Day 2 morning (about 12 hours after adding yeast)
thick layer of mullberry mush on top - I stir it is and I hear fizzing 

Day 2 midday 
same as above

Day 2 evening 
same as above - I smell a surfer odor - I get concerned that the pulp layer is causing issues so I move the pulp to mesh bag that can with kit - I also check the temp of the juice and found it to be around 80 (outside temp ~75) 
I found a way to measure SG it was 1.07 

Day 3 morning
juice is fizzing like soda - stir it and mush jucie out of pulp
find a video about the kit I bought - see that they used the air lock at the very beginning so i seal primary fermenter and add airlock. It releases gas every few seconds. 

Day 3 evening 
Gas release slower but still a bit fizzy I check SG is equals 1.03 (what!! how is that possible!) I stir it up.

Day 4 evening 
sulfur smell stronger - afraid that pulp is the issue so I remove it. I stir vigorously to drive off sulfur smell.

Day 5 midday ( today)
sulfur smell still there I stir vigorously again - smell *might* not be as strong. 

Sooooo what to do now - let it rest with out doing anything to it so it can settle then rack to secondary? Just rack it now? just dump it out? Can it be saved? Am I fretting over nothing? 

Any input is greatly appreciated!


----------



## Julie (Jun 21, 2015)

I would let it ferment out, stir it a couple times a day.
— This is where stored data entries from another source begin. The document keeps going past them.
(* Let $(A^{\mathbb N},\mathbb B_\Pi(A^{\mathbb N}),m,\sigma)$ be a Markov shift over $A=\{0,1,\dots,l\}$ and let $\mathcal P=\{P_0,\dots,P_n\}\subset\mathbb B_\Pi(A^{\mathbb N})$ be a partition of $A^{\mathbb N}$ such that: (i) each $P_i$ is either a subset of some cylinder $C_a$, $a\in A$, or satisfies $\sigma^{-1}(P_i)=P_i$ and $m(P_i)=0$; (ii) for any $P_i,P_j\in\mathcal P$, either $P_i\cap\sigma^{-1}(P_j)=C_a\cap\sigma^{-1}(P_j)$ for some $a\in A$, or $m(P_i\cap\sigma^{-1}(P_j))=0$. Then $\mathcal P$ is generating and has the Markov property.
   Context: Markov shift over $A=\{0,\dots,l\}$: given an $(l+1)\times(l+1)$ stochastic matrix $Q=(q_{ij})$ and a stationary probability vector $p$ of $Q$ with all $p_a>0$, it is $(A^{\mathbb N},\mathbb B_\Pi(A^{\mathbb N}),m,\sigma)$ with $A^{\mathbb N}$ the one-sided sequences $s=(s_0,s_1,\dots)$, $\mathbb B_\Pi$ generated by cylinders $C_{a_0\dots a_{n-1}}=\{s: s_i=a_i, i<n\}$, $(\sigma s)_j=s_{j+1}$, and $m(C_{a_0\dots a_{n-1}})=p_{a_0}q_{a_0a_1}\cdots q_{a_{n-2}a_{n-1}}$. A finite measurable partition $\mathcal G=\{G_0,\dots,G_r\}$ is generating if for every measurable $B$ there is $A'$ in the $\sigma$-algebra generated by the sets $\sigma^{-k}(G_i)$, $k\in\mathbb N_0$, with $m(A'\triangle B)=0$. A finite partition $\mathcal M=\{M_0,\dots,M_r\}$ has the Markov property if for all $n\in\mathbb N$ and $i_0,\dots,i_n$ with $m(M_{i_0}\cap\sigma^{-1}M_{i_1}\cap\dots\cap\sigma^{-(n-1)}M_{i_{n-1}})>0$, $\frac{m(M_{i_0}\cap\sigma^{-1}M_{i_1}\cap\dots\cap\sigma^{-n}M_{i_n})}{m(M_{i_0}\cap\dots\cap\sigma^{-(n-1)}M_{i_{n-1}})}=\frac{m(M_{i_{n-1}}\cap\sigma^{-1}M_{i_n})}{m(M_{i_{n-1}})}$. *)

From Stdlib Require Import Reals List Arith.
Open Scope R_scope.

Definition Alph (l : nat) : Type := {a : nat | (a <= l)%nat}.
Definition sym {l : nat} (x : Alph l) : nat := proj1_sig x.

Definition Seq (l : nat) : Type := nat -> Alph l.
Definition SetS (l : nat) : Type := Seq l -> Prop.

Definition shift {l : nat} (k : nat) (s : Seq l) : Seq l := fun j => s (j + k)%nat.
Definition sigma {l : nat} (s : Seq l) : Seq l := shift 1 s.

Definition preim_shift {l : nat} (k : nat) (E : SetS l) : SetS l :=
  fun s => E (shift k s).

Definition inter {l : nat} (E F : SetS l) : SetS l := fun s => E s /\ F s.
Definition symdiff {l : nat} (E F : SetS l) : SetS l :=
  fun s => (E s /\ ~ F s) \/ (F s /\ ~ E s).

Inductive gen_sigma {l : nat} (F : SetS l -> Prop) : SetS l -> Prop :=
| gs_base : forall E, F E -> gen_sigma F E
| gs_compl : forall E, gen_sigma F E -> gen_sigma F (fun s => ~ E s)
| gs_union : forall E : nat -> SetS l, (forall k, gen_sigma F (E k)) ->
    gen_sigma F (fun s => exists k, E k s).

Definition cyl {l : nat} (w : list nat) : SetS l :=
  fun s => forall i, (i < length w)%nat -> sym (s i) = nth i w 0%nat.

Definition is_cylinder {l : nat} (E : SetS l) : Prop :=
  exists w : list nat, forall s, E s <-> cyl w s.

Definition measurable {l : nat} (E : SetS l) : Prop := gen_sigma (@is_cylinder l) E.

Definition stochastic (l : nat) (Q : nat -> nat -> R) : Prop :=
  (forall i j, (i <= l)%nat -> (j <= l)%nat -> 0 <= Q i j) /\
  (forall i, (i <= l)%nat -> sum_f_R0 (fun j => Q i j) l = 1).

Definition stationary_pos (l : nat) (Q : nat -> nat -> R) (p : nat -> R) : Prop :=
  (forall a, (a <= l)%nat -> 0 < p a) /\
  sum_f_R0 p l = 1 /\
  (forall j, (j <= l)%nat -> sum_f_R0 (fun i => p i * Q i j) l = p j).

Fixpoint chain (Q : nat -> nat -> R) (a : nat) (w : list nat) : R :=
  match w with
  | nil => 1
  | b :: w' => Q a b * chain Q b w'
  end.

Definition cyl_weight (Q : nat -> nat -> R) (p : nat -> R) (w : list nat) : R :=
  match w with
  | nil => 1
  | a :: w' => p a * chain Q a w'
  end.

(* m is a (countably additive, nonnegative) measure on B_Pi with the Markov
   cylinder values; by uniqueness of extension this determines m on B_Pi. *)
Definition markov_measure (l : nat) (Q : nat -> nat -> R) (p : nat -> R)
  (m : SetS l -> R) : Prop :=
  (forall E, measurable E -> 0 <= m E) /\
  (forall E : nat -> SetS l,
      (forall k, measurable (E k)) ->
      (forall i j, i <> j -> forall s, E i s -> E j s -> False) ->
      infinite_sum (fun k => m (E k)) (m (fun s => exists k, E k s))) /\
  (forall w : list nat, w <> nil -> (forall a, In a w -> (a <= l)%nat) ->
      m (cyl w) = cyl_weight Q p w).

Definition meas_partition {l : nat} (P : nat -> SetS l) (n : nat) : Prop :=
  (forall i, (i <= n)%nat -> measurable (P i)) /\
  (forall i j, (i <= n)%nat -> (j <= n)%nat -> i <> j ->
     forall s, P i s -> P j s -> False) /\
  (forall s, exists i, (i <= n)%nat /\ P i s).

Definition generating {l : nat} (m : SetS l -> R) (P : nat -> SetS l) (n : nat) : Prop :=
  forall B, measurable B ->
    exists A', gen_sigma (fun E => exists k i, (i <= n)%nat /\
                             forall s, E s <-> preim_shift k (P i) s) A'
            /\ m (symdiff A' B) = 0.

Definition itin {l : nat} (P : nat -> SetS l) (idx : nat -> nat) (N : nat) : SetS l :=
  fun s => forall t, (t < N)%nat -> P (idx t) (shift t s).

Definition markov_property {l : nat} (m : SetS l -> R) (P : nat -> SetS l) (n : nat) : Prop :=
  forall (N : nat) (idx : nat -> nat),
    (1 <= N)%nat ->
    (forall t, (t <= N)%nat -> (idx t <= n)%nat) ->
    0 < m (itin P idx N) ->
    m (itin P idx (S N)) / m (itin P idx N)
    = m (inter (P (idx (N - 1)%nat)) (preim_shift 1 (P (idx N))))
      / m (P (idx (N - 1)%nat)).

(* By (i), every atom of P either lies in a one-symbol cylinder C_a or is a shift-invariant null
   set.  Let Z be the union of the latter and Y_a the union of the atoms inside C_a: then
   C_a \ Y_a ⊆ Z, and as Z is backward invariant, C_{a_0...a_k} differs from ∩_j σ^{-j} Y_{a_j}
   only inside Z.  Sets approximable modulo null sets by σ(σ^{-k} P_i) form a σ-algebra, which
   therefore contains all cylinders: P is generating.

   For the Markov property, (ii) shows inductively that an itinerary
   M_{i_0} ∩ ... ∩ σ^{-K} M_{i_K} of positive measure equals C_w ∩ σ^{-K} M_{i_K} for a word w
   of length K.  Then M_{i_K} ⊆ C_a for some a, and the Markov property of m,
   m(C_w ∩ σ^{-|w|} X) = m(C_w) q_{w_{K-1} a} / p_a · m(X) for measurable X ⊆ C_a (which follows
   from its cylinder case by uniqueness of extension), makes this factor cancel in the ratio. *)

From Stdlib Require Import Reals List Arith Lia Lra.
From Stdlib Require Import Classical FunctionalExtensionality PropExtensionality ClassicalEpsilon.
Open Scope R_scope.

(** * Generated σ-algebras *)

Lemma set_ext {l : nat} (A B : SetS l) : (forall s, A s <-> B s) -> A = B.
Proof.
  intros H; apply functional_extensionality; intro s; apply propositional_extensionality, H.
Qed.

Lemma finite_inter_closed {l : nat} (D : SetS l -> Prop) (E : nat -> SetS l) :
  D (fun _ => True) -> (forall A B, D A -> D B -> D (fun s => A s /\ B s)) ->
  (forall k, D (E k)) -> forall K, D (fun s => forall k, (k < K)%nat -> E k s).
Proof.
  intros Hfull Hinter HE K; induction K as [|K IH].
  - rewrite (set_ext _ (fun _ => True)); [exact Hfull|].
    intros s; split; [auto | intros _ k Hk; lia].
  - rewrite (set_ext _ (fun s => (forall k, (k < K)%nat -> E k s) /\ E K s)); [auto|].
    intros s; split.
    + intros H; split; [intros k Hk; apply H; lia | apply H; lia].
    + intros [H HK] k Hk; destruct (Nat.eq_dec k K) as [->|]; [exact HK | apply H; lia].
Qed.

Section GeneratedSigmaAlgebra.
Context {l : nat} {F : SetS l -> Prop}.

Lemma gen_sigma_ext (A B : SetS l) :
  gen_sigma F A -> (forall s, A s <-> B s) -> gen_sigma F B.
Proof. intros H E; rewrite <- (set_ext _ _ E); exact H. Qed.

Lemma gen_sigma_union2 (A B : SetS l) :
  gen_sigma F A -> gen_sigma F B -> gen_sigma F (fun s => A s \/ B s).
Proof.
  intros HA HB.
  apply (gen_sigma_ext (fun s => exists k, (match k with 0%nat => A | _ => B end) s)).
  - apply gs_union; intros [|k]; assumption.
  - intros s; split.
    + intros [[|k] H]; auto.
    + intros [H|H]; [exists 0%nat | exists 1%nat]; exact H.
Qed.

Lemma gen_sigma_inter (A B : SetS l) :
  gen_sigma F A -> gen_sigma F B -> gen_sigma F (fun s => A s /\ B s).
Proof.
  intros HA HB.
  apply (gen_sigma_ext (fun s => ~ (~ A s \/ ~ B s))).
  - apply gs_compl, gen_sigma_union2; apply gs_compl; assumption.
  - intros s; split; [intros H; split; apply NNPP; tauto | tauto].
Qed.

Lemma gen_sigma_full (A : SetS l) : gen_sigma F A -> gen_sigma F (fun _ => True).
Proof.
  intros HA; apply (gen_sigma_ext (fun s => A s \/ ~ A s)).
  - apply gen_sigma_union2; [|apply gs_compl]; exact HA.
  - intros s; split; [auto | intros _; apply classic].
Qed.

Lemma gen_sigma_empty (A : SetS l) : gen_sigma F A -> gen_sigma F (fun _ => False).
Proof.
  intros HA; apply (gen_sigma_ext (fun s => ~ True)); [apply gs_compl, (gen_sigma_full _ HA) | tauto].
Qed.

Lemma gen_sigma_if (C : Prop) (A : SetS l) :
  gen_sigma F A -> gen_sigma F (fun s => C /\ A s).
Proof.
  intros HA; destruct (classic C) as [HC|HC].
  - apply (gen_sigma_ext A); [exact HA | tauto].
  - apply (gen_sigma_ext (fun _ => False)); [apply (gen_sigma_empty _ HA) | tauto].
Qed.

Lemma gen_sigma_finite_inter (E : nat -> SetS l) (K : nat) :
  (forall k, gen_sigma F (E k)) -> gen_sigma F (fun s => forall k, (k < K)%nat -> E k s).
Proof.
  intros HE; apply finite_inter_closed; [exact (gen_sigma_full _ (HE 0%nat)) | apply gen_sigma_inter | exact HE].
Qed.

End GeneratedSigmaAlgebra.

Lemma gen_sigma_mono {l : nat} (F G : SetS l -> Prop) (E : SetS l) :
  (forall A, F A -> gen_sigma G A) -> gen_sigma F E -> gen_sigma G E.
Proof.
  intros HFG H; induction H; [auto | apply gs_compl | apply gs_union]; assumption.
Qed.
Another think you could do is splash rack it (pour it from one primary into another a couple of times) to see if this helps.


----------



## hounddawg (Jun 21, 2015)

I'm not no more educated teen you,
but the column the brains around here check the beginner wine forum, 
when I post on beginner wine forum I usually get answers real quick, 
I only make country wine, but I still ask there,,
good luck


----------



## fivebk (Jun 21, 2015)

That type of yeast can give off a sulphur smell and should disappear after it is done and has been racked a couple of times

Bob


----------



## cheeselady (Jun 21, 2015)

Julie said:


> I would let it ferment out, stir it a couple times a day. Another think you could do is splash rack it (pour it from one primary into another a couple of times) to see if this helps.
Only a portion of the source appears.